There's nothing wrong with a child asking for attention or asking for care.
I know its annoying, but you have nothing to loose by taking her, and everything to gain by responding to whatever hidden needs she has which is causing her to ask for you to go.
Obviously if you are in a tricky point of cooking/doing something you really can't stop, you tell her that you can't come now, but will come in 5mins (however long it will be). But otherwise the more you respond to easy needs (which don't cost anything other than time) the more secure she'll be and the less she'll be doing it.

NellWilsonsWhiteHair · 14/03/2022 19:20

My just-four often wants/needs me to go with her at home, although like yours she’s been easily dry for two years and manages fine at nursery etc. Sometimes she goes by herself - I think basically because she’s forgotten she’d like to bother me for company 😂

I roll with it as I think babying them when they seem to be asking for that is usually the right thing and no worse for getting to where you want to get to (ie I don’t think they actually grow out of needy phases more quickly when we put our efforts into ‘training’ them) - but she’s my second child and I’m not pregnant, so it’s easier for me to smile indulgently!

I don’t think either of you are being particularly unreasonable. It’s within the bounds of normal and it will pass, but it is annoying to be continually and urgently interrupted. Cake

MarchingOnTogether · 14/03/2022 19:20

It sounds like it's just her way of getting your attention, which is perfectly normal for a child of her age.
If you want her to go on her own be positive about it, tell her what a big clever girl she is and see if she can make you super proud etc etc... Kids just love the spotlight, at the moment she gets that by insisting you go with her but you just have to flip it so she gets the attention by doing it your way

JenniferBarkley · 14/03/2022 19:23

Mine is nearly 4 and goes perfectly well by herself at nursery (both a nursery school and a day care nursery, so two settings) but wants help at home. I think it's just an attention thing, we're encouraging but trying not to stress since she can actually do it.

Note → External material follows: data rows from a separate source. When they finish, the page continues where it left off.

(* Let $c\ge 0$, $R>0$, $R\neq c$, and let $\mathcal{C}:x^2+y^2=R^2$. Let $\mathcal{D}$ be the ellipse $\frac{x^2}{(R^2+c^2)^2/(4R^2)}+\frac{y^2}{(R^2-c^2)^2/(4R^2)}=1$, which is centered at the origin with foci $(\pm c,0)$. Suppose some nondegenerate triangle inscribed in $\mathcal{C}$ is circumscribed about $\mathcal{D}$, and let $\mathcal{P}$ be the family of all such triangles. Then for every $\triangle ABC\in\mathcal{P}$, the three vertices of the tangential triangle of $\triangle ABC$ lie on the fixed ellipse $$\frac{x^2}{\frac{4R^6}{(R^2+c^2)^2}}+\frac{y^2}{\frac{4R^6}{(R^2-c^2)^2}}=1,$$ which is centered at the center of $\mathcal{D}$.
   Context: A triangle is circumscribed about a conic if each of its three sidelines is tangent to the conic. The tangential triangle of a non-right triangle $ABC$ is the triangle formed by the tangent lines to the circumcircle of $\triangle ABC$ at $A$, $B$, $C$. *)

From Stdlib Require Import Reals Lra.
Open Scope R_scope.

Definition point := (R * R)%type.

Definition on_circle (r : R) (P : point) : Prop :=
  fst P ^ 2 + snd P ^ 2 = r ^ 2.

Definition on_ellipse (a2 b2 : R) (P : point) : Prop :=
  fst P ^ 2 / a2 + snd P ^ 2 / b2 = 1.

Definition on_line (A B P : point) : Prop :=
  exists t : R, P = (fst A + t * (fst B - fst A), snd A + t * (snd B - snd A)).

Definition line_tangent_ellipse (a2 b2 : R) (A B : point) : Prop :=
  exists! P : point, on_line A B P /\ on_ellipse a2 b2 P.

Definition nondegenerate (A B C : point) : Prop :=
  (fst B - fst A) * (snd C - snd A) - (snd B - snd A) * (fst C - fst A) <> 0.

Definition on_circle_tangent (A P : point) : Prop :=
  (fst P - fst A) * fst A + (snd P - snd A) * snd A = 0.

Definition on_D (c r : R) (P : point) : Prop :=
  on_ellipse ((r ^ 2 + c ^ 2) ^ 2 / (4 * r ^ 2)) ((r ^ 2 - c ^ 2) ^ 2 / (4 * r ^ 2)) P.

Definition in_family (c r : R) (A B C : point) : Prop :=
  nondegenerate A B C /\
  on_circle r A /\ on_circle r B /\ on_circle r C /\
  line_tangent_ellipse ((r ^ 2 + c ^ 2) ^ 2 / (4 * r ^ 2)) ((r ^ 2 - c ^ 2) ^ 2 / (4 * r ^ 2)) B C /\
  line_tangent_ellipse ((r ^ 2 + c ^ 2) ^ 2 / (4 * r ^ 2)) ((r ^ 2 - c ^ 2) ^ 2 / (4 * r ^ 2)) C A /\
  line_tangent_ellipse ((r ^ 2 + c ^ 2) ^ 2 / (4 * r ^ 2)) ((r ^ 2 - c ^ 2) ^ 2 / (4 * r ^ 2)) A B.

Definition on_E (c r : R) (P : point) : Prop :=
  on_ellipse (4 * r ^ 6 / (r ^ 2 + c ^ 2) ^ 2) (4 * r ^ 6 / (r ^ 2 - c ^ 2) ^ 2) P.

From Stdlib Require Import Reals Lra.
Open Scope R_scope.

(* The tangential triangle of ABC has as vertices the poles of its sides with
   respect to the circle x^2 + y^2 = r^2: the tangents at X and Y meet at the
   point T with T.X = T.Y = r^2, so the chord XY is the line (T / r^2).P = 1.
   A line u.P = 1 touches the ellipse x^2/a2 + y^2/b2 = 1 exactly when
   a2 u1^2 + b2 u2^2 = 1, hence every such pole lies on the polar reciprocal
   ellipse a2 T1^2 + b2 T2^2 = r^4, whose squared semi-axes r^4/a2 and r^4/b2
   are those of the ellipse E. *)

Lemma ellipse_eq_iff (a2 b2 x y : R) : 0 < a2 -> 0 < b2 ->
  (x ^ 2 / a2 + y ^ 2 / b2 = 1 <-> b2 * x ^ 2 + a2 * y ^ 2 = a2 * b2).
Proof.
  intros ha hb.
  replace (x ^ 2 / a2 + y ^ 2 / b2) with ((b2 * x ^ 2 + a2 * y ^ 2) / (a2 * b2))
    by (field; lra).
  split; intro H.
  - apply (Rmult_eq_compat_r (a2 * b2)) in H. field_simplify in H; lra.
  - rewrite H. field. lra.
Qed.

(* The two roots of a quadratic sum to [- b / a]. *)
Lemma quadratic_unique_root_discr (a b g t0 : R) : a <> 0 ->
  a * t0 ^ 2 + b * t0 + g = 0 ->
  (forall t, a * t ^ 2 + b * t + g = 0 -> t = t0) ->
  b ^ 2 - 4 * a * g = 0.
Proof.
  intros ha h0 huniq.
  assert (hb : - b / a - t0 = t0).
  { apply huniq. rewrite <- h0. field. exact ha. }
  assert (hb' : b = - 2 * a * t0).
  { replace b with (- a * (- b / a)) by (field; exact ha). nra. }
  assert (hg : g = a * t0 ^ 2) by (subst b; nra).
  subst b g. ring.
Qed.

Lemma nondegenerate_neq (A B C : point) :
  nondegenerate A B C -> A <> B /\ B <> C /\ C <> A.
Proof.
  intro hnd; repeat split; intro e; subst; apply hnd; ring.
Qed.

Lemma line_param_inj (x1 x2 d1 d2 t s : R) : d1 <> 0 \/ d2 <> 0 ->
  (x1 + t * d1, x2 + t * d2) = (x1 + s * d1, x2 + s * d2) -> t = s.
Proof.
  intros [hd|hd] e; injection e as e1 e2.
  - apply (Rmult_eq_reg_r d1); [lra | exact hd].
  - apply (Rmult_eq_reg_r d2); [lra | exact hd].
Qed.

Lemma line_tangent_ellipse_discr (a2 b2 : R) (X Y : point) :
  0 < a2 -> 0 < b2 -> X <> Y -> line_tangent_ellipse a2 b2 X Y ->
  a2 * (snd Y - snd X) ^ 2 + b2 * (fst Y - fst X) ^ 2 =
  (fst X * (snd Y - snd X) - snd X * (fst Y - fst X)) ^ 2.
Proof.
  destruct X as [x1 x2], Y as [y1 y2]; cbn [fst snd].
  intros ha hb hXY [P [[[t0 ->] HP] Huniq]].
  set (d1 := y1 - x1) in *; set (d2 := y2 - x2) in *.
  assert (hd : d1 <> 0 \/ d2 <> 0).
  { destruct (Req_dec d1 0); [right | now left].
    intro; apply hXY; unfold d1, d2 in *; f_equal; lra. }
  set (qa := b2 * d1 ^ 2 + a2 * d2 ^ 2).
  set (qb := 2 * (b2 * x1 * d1 + a2 * x2 * d2)).
  set (qg := b2 * x1 ^ 2 + a2 * x2 ^ 2 - a2 * b2).
  assert (hqa : 0 < qa).
  { destruct hd as [hd|hd]; pose proof (Rsqr_pos_lt _ hd); unfold qa, Rsqr in *; nra. }
  assert (hq : forall t, on_ellipse a2 b2 (x1 + t * d1, x2 + t * d2) <->
                         qa * t ^ 2 + qb * t + qg = 0).
  { intro t; unfold on_ellipse; cbn [fst snd].
    rewrite (ellipse_eq_iff _ _ _ _ ha hb); unfold qa, qb, qg; split; intro; nra. }
  assert (hdiscr : qb ^ 2 - 4 * qa * qg = 0).
  { apply (quadratic_unique_root_discr qa qb qg t0); [lra | now apply hq |].
    intros t ht; symmetry; apply (line_param_inj x1 x2 d1 d2 _ _ hd), Huniq.
    split; [now exists t | now apply hq]. }
  assert (hab : 0 < 4 * a2 * b2) by nra.
  replace (qb ^ 2 - 4 * qa * qg) with
    (4 * a2 * b2 * (a2 * d2 ^ 2 + b2 * d1 ^ 2 - (x1 * d2 - x2 * d1) ^ 2)) in hdiscr
    by (unfold qa, qb, qg; ring).
  apply Rmult_integral in hdiscr as [|]; lra.
Qed.

(* The tangents at X and Y give T.X = T.Y = r^2; Cramer's rule solves this system for T. *)
Lemma circle_tangents_meet (r : R) (X Y T : point) :
  r <> 0 -> X <> Y -> on_circle r X -> on_circle r Y ->
  on_circle_tangent X T -> on_circle_tangent Y T ->
  fst X * (snd Y - snd X) - snd X * (fst Y - fst X) <> 0 /\
  (fst X * (snd Y - snd X) - snd X * (fst Y - fst X)) * fst T = r ^ 2 * (snd Y - snd X) /\
  (fst X * (snd Y - snd X) - snd X * (fst Y - fst X)) * snd T = - r ^ 2 * (fst Y - fst X).
Proof.
  destruct X as [x1 x2], Y as [y1 y2], T as [t1 t2].
  unfold on_circle, on_circle_tangent; cbn [fst snd].
  intros hr hXY hX hY hTX hTY.
  assert (hTx : t1 * x1 + t2 * x2 = r ^ 2) by lra.
  assert (hTd : t1 * (y1 - x1) + t2 * (y2 - x2) = 0) by lra.
  assert (k1 : (x1 * (y2 - x2) - x2 * (y1 - x1)) * t1 = r ^ 2 * (y2 - x2)).
  { rewrite <- hTx; transitivity ((y2 - x2) * (t1 * x1 + t2 * x2) - x2 * 0); [rewrite <- hTd |]; ring. }
  assert (k2 : (x1 * (y2 - x2) - x2 * (y1 - x1)) * t2 = - r ^ 2 * (y1 - x1)).
  { rewrite <- hTx; transitivity (- (y1 - x1) * (t1 * x1 + t2 * x2) + x1 * 0); [rewrite <- hTd |]; ring. }
  repeat split; auto.
  intro hk; rewrite hk in k1, k2; apply hXY.
  assert (hr2 : r ^ 2 <> 0) by now apply pow_nonzero.
  assert (e2 : y2 - x2 = 0) by (apply (Rmult_eq_reg_l (r ^ 2)); lra).
  assert (e1 : y1 - x1 = 0) by (apply (Rmult_eq_reg_l (r ^ 2)); lra).
  f_equal; lra.
Qed.

Lemma pole_on_reciprocal_ellipse (a2 b2 r : R) (X Y T : point) :
  0 < a2 -> 0 < b2 -> r <> 0 -> X <> Y -> on_circle r X -> on_circle r Y ->
  line_tangent_ellipse a2 b2 X Y ->
  on_circle_tangent X T -> on_circle_tangent Y T ->
  a2 * fst T ^ 2 + b2 * snd T ^ 2 = r ^ 4.
Proof.
  intros ha hb hr hXY hX hY htan hTX hTY.
  pose proof (line_tangent_ellipse_discr _ _ _ _ ha hb hXY htan) as hdiscr.
  destruct (circle_tangents_meet r X Y T hr hXY hX hY hTX hTY) as [hk [k1 k2]].
  set (k := fst X * (snd Y - snd X) - snd X * (fst Y - fst X)) in *.
  apply (Rmult_eq_reg_l (k ^ 2)); [| now apply pow_nonzero].
  replace (k ^ 2 * (a2 * fst T ^ 2 + b2 * snd T ^ 2))
    with (a2 * (k * fst T) ^ 2 + b2 * (k * snd T) ^ 2) by ring.
  rewrite k1, k2, <- hdiscr; ring.
Qed.

Lemma on_ellipse_reciprocal (a2 b2 r : R) (T : point) :
  0 < a2 -> 0 < b2 -> r <> 0 ->
  a2 * fst T ^ 2 + b2 * snd T ^ 2 = r ^ 4 -> on_ellipse (r ^ 4 / a2) (r ^ 4 / b2) T.
Proof.
  intros ha hb hr hT; unfold on_ellipse.
  assert (r ^ 4 <> 0) by now apply pow_nonzero.
  replace (fst T ^ 2 / (r ^ 4 / a2) + snd T ^ 2 / (r ^ 4 / b2))
    with ((a2 * fst T ^ 2 + b2 * snd T ^ 2) / r ^ 4) by (field; lra).
  rewrite hT; field; lra.
Qed.

Lemma pole_of_side_on_E (c r : R) (X Y T : point) :
  0 < r -> r <> c -> 0 <= c -> X <> Y -> on_circle r X -> on_circle r Y ->
  line_tangent_ellipse ((r ^ 2 + c ^ 2) ^ 2 / (4 * r ^ 2)) ((r ^ 2 - c ^ 2) ^ 2 / (4 * r ^ 2)) X Y ->
  on_circle_tangent X T -> on_circle_tangent Y T -> on_E c r T.
Proof.
  intros hr hrc hc hXY hX hY htan hTX hTY.
  assert (hrc2 : r ^ 2 - c ^ 2 <> 0).
  { replace (r ^ 2 - c ^ 2) with ((r - c) * (r + c)) by ring.
    apply Rmult_integral_contrapositive; split; lra. }
  assert (ha : 0 < (r ^ 2 + c ^ 2) ^ 2 / (4 * r ^ 2)).
  { apply Rdiv_lt_0_compat; nra. }
  assert (hb : 0 < (r ^ 2 - c ^ 2) ^ 2 / (4 * r ^ 2)).
  { pose proof (Rsqr_pos_lt _ hrc2); unfold Rsqr in *.
    apply Rdiv_lt_0_compat; nra. }
  pose proof (pole_on_reciprocal_ellipse _ _ r X Y T ha hb (Rgt_not_eq _ _ hr) hXY hX hY htan hTX hTY) as hT.
  unfold on_E.
  replace (4 * r ^ 6 / (r ^ 2 + c ^ 2) ^ 2)
    with (r ^ 4 / ((r ^ 2 + c ^ 2) ^ 2 / (4 * r ^ 2))) by (field; nra).
  replace (4 * r ^ 6 / (r ^ 2 - c ^ 2) ^ 2)
    with (r ^ 4 / ((r ^ 2 - c ^ 2) ^ 2 / (4 * r ^ 2))) by (field; lra).
  apply on_ellipse_reciprocal; lra.
Qed.

Theorem theorem5p10 (c r : R) (hc : 0 <= c) (hr : 0 < r) (hrc : r <> c)
  (hP : exists A B C : point, in_family c r A B C) :
  forall A B C : point, in_family c r A B C ->
    (forall T : point, on_circle_tangent B T -> on_circle_tangent C T -> on_E c r T) /\
    (forall T : point, on_circle_tangent C T -> on_circle_tangent A T -> on_E c r T) /\
    (forall T : point, on_circle_tangent A T -> on_circle_tangent B T -> on_E c r T).
Proof.
  intros A B C [hnd [hA [hB [hC [hBC [hCA hAB]]]]]].
  destruct (nondegenerate_neq A B C hnd) as [nAB [nBC nCA]].
  repeat split; intro T; apply (pole_of_side_on_E c r); assumption.
Qed.
Lemma kappa_bounds r : 0 < r <= RR -> 0 <= kappa r <= eps.
Proof.
  intros Hr. pose proof (U_near_M r Hr). unfold kappa.
  assert (0 < g1 (U r) ^ 2) by (apply pow_lt, Hg1pos; lra). split.
  - apply Rdiv_le_0_compat; [left; apply Hg2pos | ]; lra.
  - apply Rle_div_l; [lra|]. pose proof (Hg2_small (U r) ltac:(lra)). lra.
Qed.

Lemma X_eq_exp r : 0 < r <= RR -> X r =
  h r / h 0 * exp (- (ln (f M) - ln (f (U r)))) * exp (- (ln (g1 M) - ln (g1 (U r)))).
Proof.
  intros Hr. pose proof (U_gt_t0 r Hr). pose proof h0_pos.
  pose proof (Hfpos M ltac:(lra)). pose proof (Hfpos (U r) ltac:(lra)).
  pose proof (Hg1pos M ltac:(lra)). pose proof (Hg1pos (U r) ltac:(lra)).
  replace (- (ln (f M) - ln (f (U r)))) with (ln (f (U r)) + - ln (f M)) by ring.
  replace (- (ln (g1 M) - ln (g1 (U r)))) with (ln (g1 (U r)) + - ln (g1 M)) by ring.
  unfold X. rewrite !exp_plus, !exp_Ropp, !exp_ln by lra.
  rewrite (f1_eq M), (f1_eq (U r)) by lra. field. repeat split; lra.
Qed.
Lemma diamond_arg_cross_gt0 p q : 0 < cross p q ->
  let d := diamond_arg q - diamond_arg p in (0 < d < 2) \/ (-4 < d < -2).
Proof.
rewrite /cross /diamond_arg; case: p => x1 y1; case: q => x2 y2 /= hc.
have N_gt0 (x y : R) : (x != 0) || (y != 0) -> 0 < `|x| + `|y|.
  by move=> h; rewrite lt0r paddr_eq0 ?normr_ge0 // !normr_eq0 negb_and h addr_ge0.
have N1 : 0 < `|x1| + `|y1|.
  apply: N_gt0; apply: contraTT hc; rewrite negb_or !negbK => /andP[/eqP-> /eqP->].
  by rewrite !mul0r subrr ltxx.
have N2 : 0 < `|x2| + `|y2|.
  apply: N_gt0; apply: contraTT hc; rewrite negb_or !negbK => /andP[/eqP-> /eqP->].
  by rewrite !mulr0 subrr ltxx.
(* Rescale [p] and [q] onto the unit diamond [|a| + |b| = 1]. *)
set a1 := x1 / _; set b1 := y1 / (`|x1| + `|y1|).
set a2 := x2 / _; set b2 := y2 / (`|x2| + `|y2|).
have d1 : `|a1| + `|b1| = 1.
  by rewrite /a1 /b1 !normrM !normfV (gtr0_norm N1) -mulrDl divff ?gt_eqF.
have d2 : `|a2| + `|b2| = 1.
  by rewrite /a2 /b2 !normrM !normfV (gtr0_norm N2) -mulrDl divff ?gt_eqF.
have hc' : 0 < a1 * b2 - b1 * a2.
  have e : x1 * y2 - y1 * x2 = (a1 * b2 - b1 * a2) * ((`|x1| + `|y1|) * (`|x2| + `|y2|)).
    by rewrite /a1 /b1 /a2 /b2; field; apply/andP; split; apply: lt0r_neq0.
  by rewrite e pmulr_lgt0 ?mulr_gt0 in hc.
have -> : (0 <= y1) = (0 <= b1) by rewrite pmulr_lge0 ?invr_gt0.
have -> : (0 <= y2) = (0 <= b2) by rewrite pmulr_lge0 ?invr_gt0.
move: d1 d2 hc'; clear.
case: (lerP 0 a1) => ha1; case: (lerP 0 b1) => hb1;
case: (lerP 0 a2) => ha2; case: (lerP 0 b2) => hb2;
rewrite ?(ger0_norm ha1) ?(ltr0_norm ha1) ?(ger0_norm hb1) ?(ltr0_norm hb1)
        ?(ger0_norm ha2) ?(ltr0_norm ha2) ?(ger0_norm hb2) ?(ltr0_norm hb2) => d1 d2 hc;
by [left; apply/andP; split; nra | right; apply/andP; split; nra].
Qed.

Yumchips · 14/03/2022 19:24

Thank you everyone - sorry ran out of steam to tag you all now! Very grateful for your responses and lots of prepare for with baby coming!!

OP posts:
JenniferBarkley · 14/03/2022 19:24

Oh, and when we wanted her to move from the potty to the toilet we bribed with chocolate buttons which was reasonably successful, you might want to try something like that if it's something you'd like sorted before the baby comes.

CatDogMonkeyPOW · 14/03/2022 19:26

Both of mine went through a phase of that age of being afraid to go anywhere in the house alone. It's when their imaginations start to develop.